Facility Solutions Group Perth Amboy, N.J.

You won't find another electrical distributor in the United States with a better grip on the green market than Bernie Erickson, now a senior executive with Facility Solution Group, which bought his company, O.K Electric Supply, in September 2006. Based in Austin, Texas, Facility Solutions Group is a one-stop source for wholesale lighting and electrical products, lighting design support, electrical services, electrical construction and energy management services for building owners, managers and retailers.

The subject of two Electrical Wholesaling cover stories, (most recently in July 2006), Erickson has retrofitted hundreds if not thousands of buildings and uncovered millions of rebate dollars for his customers. Instead of worrying about competing with ESCOs, he considers many of them good customers. He has even become an ESCO himself, through the company's Energy Solutions division.

Erickson is always more than willing to tell other electrical distributors why they should get into the green market. If more electrical distributors took this market as seriously as he does, ESCOs might not have gotten to be quite as big a factor in lighting retrofit work, he says.

“For many years, I have preached that if distributors do not take an active role in the specification and marketing of new energy-efficient technologies, then they create a market for someone else to come in and serve,” he says. “The ESCO market flourished for just this very reason. When relegated to a supply-only role, products become commoditized, resulting in lower margins for both distributors and manufacturers.”

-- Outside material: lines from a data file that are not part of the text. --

(* Let $A = A_s + A_i\epsilon\in\mathbb{DR}^{m\times n}$ with $m\ge n$ and $A_s$ of full column rank, and let $A_sP_s = Q_sR_s$ where $P_s\in\mathbb{R}^{n\times n}$ is a permutation matrix, $Q_s\in\mathbb{R}^{m\times n}$ has orthonormal columns and $R_s=(r_{s_{ij}})\in\mathbb{R}^{n\times n}$ is upper triangular and nonsingular. Put $B = Q_s^{\top}A_iP_s=[b_1,\dots,b_n]$. Define $P\in\mathbb{R}^{n\times n}$ with zero diagonal, strictly lower triangular part $$p_1(2{:}n) = b_1(2{:}n)/r_{s_{11}},\qquad p_k(k{+}1{:}n) = \Big(b_k(k{+}1{:}n) - \sum_{t=1}^{k-1} r_{s_{tk}}\,p_t(k{+}1{:}n)\Big)\Big/r_{s_{kk}},\quad k=2,\dots,n-1,$$ and $P^{\top}=-P$. Set $Q_i = (I_m - Q_sQ_s^{\top})A_iP_sR_s^{-1} + Q_sP$ and $R_i = Q_s^{\top}A_iP_s - PR_s$. Then $Q=Q_s+Q_i\epsilon$ satisfies $Q^{\top}Q=I_n$, $R = R_s+R_i\epsilon$ is upper triangular, and $AP_s = QR$.
   Context: A dual number is $a = a_s + a_i\epsilon$ with $a_s,a_i\in\mathbb{R}$, where $\epsilon^2=0$, $\epsilon\neq 0$; $\mathbb{DR}^{m\times n}$ denotes the set of dual matrices $A = A_s + A_i\epsilon$ with $A_s, A_i\in\mathbb{R}^{m\times n}$. Products use $\epsilon^2=0$: $(A_s+A_i\epsilon)(B_s+B_i\epsilon) = A_sB_s + (A_sB_i + A_iB_s)\epsilon$. The transpose is $A^{\top}=A_s^{\top}+A_i^{\top}\epsilon$. A dual matrix is upper triangular if both parts are upper triangular. For a vector $v$, $v(a{:}b)$ is the subvector of entries $a$ through $b$. *)

From HB Require Import structures.
From mathcomp Require Import all_boot all_order all_algebra all_fingroup.
Set Implicit Arguments. Unset Strict Implicit. Unset Printing Implicit Defensive.
Import Order.TTheory GRing.Theory Num.Theory.
Local Open Scope ring_scope.

(* Dual matrices A = A_s + A_i eps, represented as the pair (A_s, A_i). *)
Definition dmx (R : Type) m n := ('M[R]_(m, n) * 'M[R]_(m, n))%type.

Section Dual.
Variable R : pzRingType.

Definition dreal m n (M : 'M[R]_(m, n)) : dmx R m n := (M, 0).

(* (A_s + A_i eps)(B_s + B_i eps) = A_s B_s + (A_s B_i + A_i B_s) eps *)
Definition dmulmx m n p (A : dmx R m n) (B : dmx R n p) : dmx R m p :=
  (A.1 *m B.1, A.1 *m B.2 + A.2 *m B.1).

Definition dtrmx m n (A : dmx R m n) : dmx R n m := (A.1^T, A.2^T).

Definition upper_mx m n (M : 'M[R]_(m, n)) : Prop :=
  forall (i : 'I_m) (j : 'I_n), (j < i)%N -> M i j = 0.

Definition dupper m n (A : dmx R m n) : Prop := upper_mx A.1 /\ upper_mx A.2.
End Dual.

Section Pmat.
Variable R : fieldType.
Variable n : nat.

(* nat-indexed access to a square matrix (0 outside the range) *)
Definition mxn (M : 'M[R]_n) (i j : nat) : R :=
  match @insub _ (fun k => (k < n)%N) 'I_n i, @insub _ (fun k => (k < n)%N) 'I_n j with
  | Some i', Some j' => M i' j'
  | _, _ => 0
  end.

(* For a fixed (0-based) row index j, pcolfun B Rs j k t is the entry
   p_t(j) (column t, row j) for t < k, computed by the recursion
   p_k(j) = (b_k(j) - \sum_{t<k} r_{tk} p_t(j)) / r_{kk}. *)
Fixpoint pcolfun (B Rs : 'M[R]_n) (j : nat) (k : nat) : nat -> R :=
  match k with
  | 0 => fun _ => 0
  | k'.+1 =>
      let g := pcolfun B Rs j k' in
      fun t => if t == k' then
                 (mxn B j k' - \sum_(t' < k') mxn Rs t' k' * g t') / mxn Rs k' k'
               else g t
  end.

(* strictly lower entry p_{jk} (row j, column k, j > k), 0-based *)
Definition plow (B Rs : 'M[R]_n) (j k : nat) : R := pcolfun B Rs j k.+1 k.

Definition Pmx (B Rs : 'M[R]_n) : 'M[R]_n :=
  \matrix_(i, j) if (j < i)%N then plow B Rs i j
                 else if (i < j)%N then - plow B Rs j i else 0.
End Pmat.

From HB Require Import structures.
From mathcomp Require Import all_boot all_order all_algebra all_fingroup.
Import Order.TTheory GRing.Theory Num.Theory.
Local Open Scope ring_scope.

(* With [E := Q_s^T Q_i], the dual conditions read [Q_s^T Q_s = I] and
   [E^T + E = 0]; the correction [Q_s P] makes [E = P], skew by construction.
   The dual part of [A P_s = Q R] is then forced to be [R_i = B - P R_s], and
   the recursion defining [P] is exactly forward substitution solving
   [(P R_s)_{jk} = b_{jk}] for [j > k], so that [R_i] is upper triangular.  The rank, size and permutation
   hypotheses only guarantee that the given QR factorization exists. *)

Section DualOrthonormal.
Variables (R : comPzRingType) (m n : nat).

Lemma dmul_trmx_self_eq1 (Qs Qi : 'M[R]_(m, n)) :
  Qs^T *m Qs = 1%:M -> (Qs^T *m Qi)^T = - (Qs^T *m Qi) ->
  dmulmx (dtrmx (Qs, Qi)) (Qs, Qi) = dreal 1%:M.
Proof.
move=> QsQs skew; rewrite /dmulmx /dreal /=; congr pair => //.
by rewrite -[Qi^T *m Qs]trmxK trmx_mul trmxK skew addrN.
Qed.

Lemma trmx_mul_orth_correction (Qs : 'M[R]_(m, n)) (X : 'M[R]_(m, n))
    (P : 'M[R]_n) :
  Qs^T *m Qs = 1%:M -> Qs^T *m ((1%:M - Qs *m Qs^T) *m X + Qs *m P) = P.
Proof.
move=> QsQs; rewrite mulmxDr !mulmxA mulmxBr mulmx1 !mulmxA QsQs.
by rewrite !mul1mx subrr mul0mx add0r.
Qed.

End DualOrthonormal.

Lemma mul_orth_correction (R : comUnitRingType) m n (Qs X : 'M[R]_(m, n))
    (Rs P : 'M[R]_n) :
  Rs \in unitmx ->
  Qs *m (Qs^T *m X - P *m Rs)
    + ((1%:M - Qs *m Qs^T) *m X *m invmx Rs + Qs *m P) *m Rs = X.
Proof.
move=> uRs; rewrite mulmxDl -mulmxA mulVmx // mulmx1 mulmxBr mulmxBl mul1mx.
by rewrite !mulmxA addrACA addNr addr0 addrCA subrr addr0.
Qed.

Lemma upper_unitmx_diag_neq0 (R : fieldType) n (M : 'M[R]_n) (k : 'I_n) :
  upper_mx M -> M \in unitmx -> M k k != 0.
Proof.
move=> upM; rewrite unitmxE unitfE -det_tr det_trig.
  by rewrite (bigD1 k) //= mulf_eq0 negb_or mxE => /andP[].
by apply/is_trig_mxP => i j ltij; rewrite mxE upM.
Qed.

Section Pmx.
Variables (R : fieldType) (n : nat) (B Rs : 'M[R]_n).

Lemma mxnE (M : 'M[R]_n) (i j : 'I_n) : mxn M i j = M i j.
Proof. by rewrite /mxn !valK. Qed.

Lemma pcolfun_plow j k t : (t < k)%N -> pcolfun B Rs j k t = plow B Rs j t.
Proof.
elim: k => [//|k IHk] lttk /=.
case: eqP => [->|/eqP neq_tk]; first by rewrite /plow /= eqxx.
by apply: IHk; rewrite ltn_neqAle neq_tk -ltnS.
Qed.

Lemma plowE j k :
  plow B Rs j k =
    (mxn B j k - \sum_(t < k) plow B Rs j t * mxn Rs t k) / mxn Rs k k.
Proof.
rewrite {1}/plow /= eqxx; congr ((_ - _) / _).
by apply: eq_bigr => t _; rewrite mulrC pcolfun_plow.
Qed.

Lemma trmx_Pmx : (Pmx B Rs)^T = - Pmx B Rs.
Proof.
apply/matrixP => i j; rewrite !mxE.
by case: (ltngtP i j) => _; rewrite ?opprK ?oppr0.
Qed.

Hypothesis upRs : upper_mx Rs.

Lemma mulmx_Pmx_lower (j k : 'I_n) : (k < j)%N ->
  (Pmx B Rs *m Rs) j k = \sum_(t < k.+1) plow B Rs j t * mxn Rs t k.
Proof.
move=> ltkj; rewrite mxE (big_ord_widen n (fun t => plow B Rs j t * mxn Rs t k))
  ?(ltnW (ltn_ord k)) // [RHS]big_mkcond /=.
apply: eq_bigr => t _; rewrite mxE mxnE.
case: (ltnP t k.+1) => [letk | lttk]; first by rewrite (leq_trans letk ltkj).
by rewrite upRs ?mulr0.
Qed.

Lemma upper_sub_mulmx_Pmx : Rs \in unitmx -> upper_mx (B - Pmx B Rs *m Rs).
Proof.
move=> uRs j k ltkj.
rewrite mxE [X in _ + X]mxE.
rewrite mulmx_Pmx_lower // big_ord_recr /= plowE.
rewrite mulfVK ?mxnE ?upper_unitmx_diag_neq0 //.
by rewrite addrCA subrr addr0 subrr.
Qed.

End Pmx.

Theorem mainTheorem4 (R : realFieldType) (m n : nat)
  (As Ai : 'M[R]_(m, n)) (Ps : 'M[R]_n) (Qs : 'M[R]_(m, n)) (Rs : 'M[R]_n) :
  (n <= m)%N ->
  \rank As = n ->
  is_perm_mx Ps ->
  Qs^T *m Qs = 1%:M ->
  upper_mx Rs -> Rs \in unitmx ->
  As *m Ps = Qs *m Rs ->
  let B := Qs^T *m Ai *m Ps in
  let P := Pmx B Rs in
  let Qi := (1%:M - Qs *m Qs^T) *m Ai *m Ps *m invmx Rs + Qs *m P in
  let Ri := Qs^T *m Ai *m Ps - P *m Rs in
  let Q : dmx R m n := (Qs, Qi) in
  let Rd : dmx R n n := (Rs, Ri) in
  let A : dmx R m n := (As, Ai) in
  dmulmx (dtrmx Q) Q = dreal 1%:M /\
  dupper Rd /\
  dmulmx A (dreal Ps) = dmulmx Q Rd.
Proof.
move=> _ _ _ QsQs upRs uRs AsPs B P Qi Ri Q Rd A.
have QsQi : Qs^T *m Qi = P.
  by rewrite /Qi -!mulmxA trmx_mul_orth_correction.
split; first by apply: dmul_trmx_self_eq1; rewrite // QsQi trmx_Pmx.
split; first by split; last exact: upper_sub_mulmx_Pmx.
rewrite /dmulmx /dreal /= mulmx0 add0r AsPs; congr pair.
by rewrite /Ri /Qi -!(mulmxA _ Ai Ps) mul_orth_correction.
Qed.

He says if distributors are going to get serious about the green market, they must learn how to sell the energy-efficient products as a package, and not just as individual product lines. “With the energy sale, we are creating demand and subsequently have to invest a much greater amount of time in the sale, he says. Often the process can take just as long for a $5,000 sale as for a $100,000 sale,” “It simply makes more sense to take a more comprehensive approach and offer a total package. This is what an ESCO would do. If you cannot offer the whole package, you can end up on the outside looking in. That is why we developed our own software that allows us to bundle multiple technologies.”

He agrees with other sources in the green market that electrical contractors struggle with creating demand for energy-efficient products. “Contractors are even less accustomed to creating demand than distributors,” he says. “They are very focused on price, and the energy sale is more about ROI. They also often lack the resources and understanding to do the audit and design resources to package a credible proposal to a customer. We have offered these services to several contractors for years, helping to establish some great relationships.

“Electrical contractors realize that new technology is where the market is headed, and they don't want to be left behind. The problem is they are either not familiar with or aware of some of the products often found in energy jobs. They would be more likely to relamp and reballast a fixture than to install a reflector, for example. Lastly, energy projects require capital, and with rebates and payment delays that's something smaller contractors can find challenging.”

Erickson believes electrical distributors can be a source of supply for ESCOs, and that major fixture and lamp manufacturers still have strong ties to electrical distributors as a key channel to market. But he says dozens of manufacturers of high-efficiency lighting fixtures and reflectors, as well as some lesser known lamp and ballast manufacturers, now bypass electrical distributors sell directly to ESCOs.”Manufacturers and distributors left this door open and it will be hard to close,” he says. “I have heard the comment from several ESCOs that they only purchase through distribution because they have to. We as distributors have to bring some value to the equation.”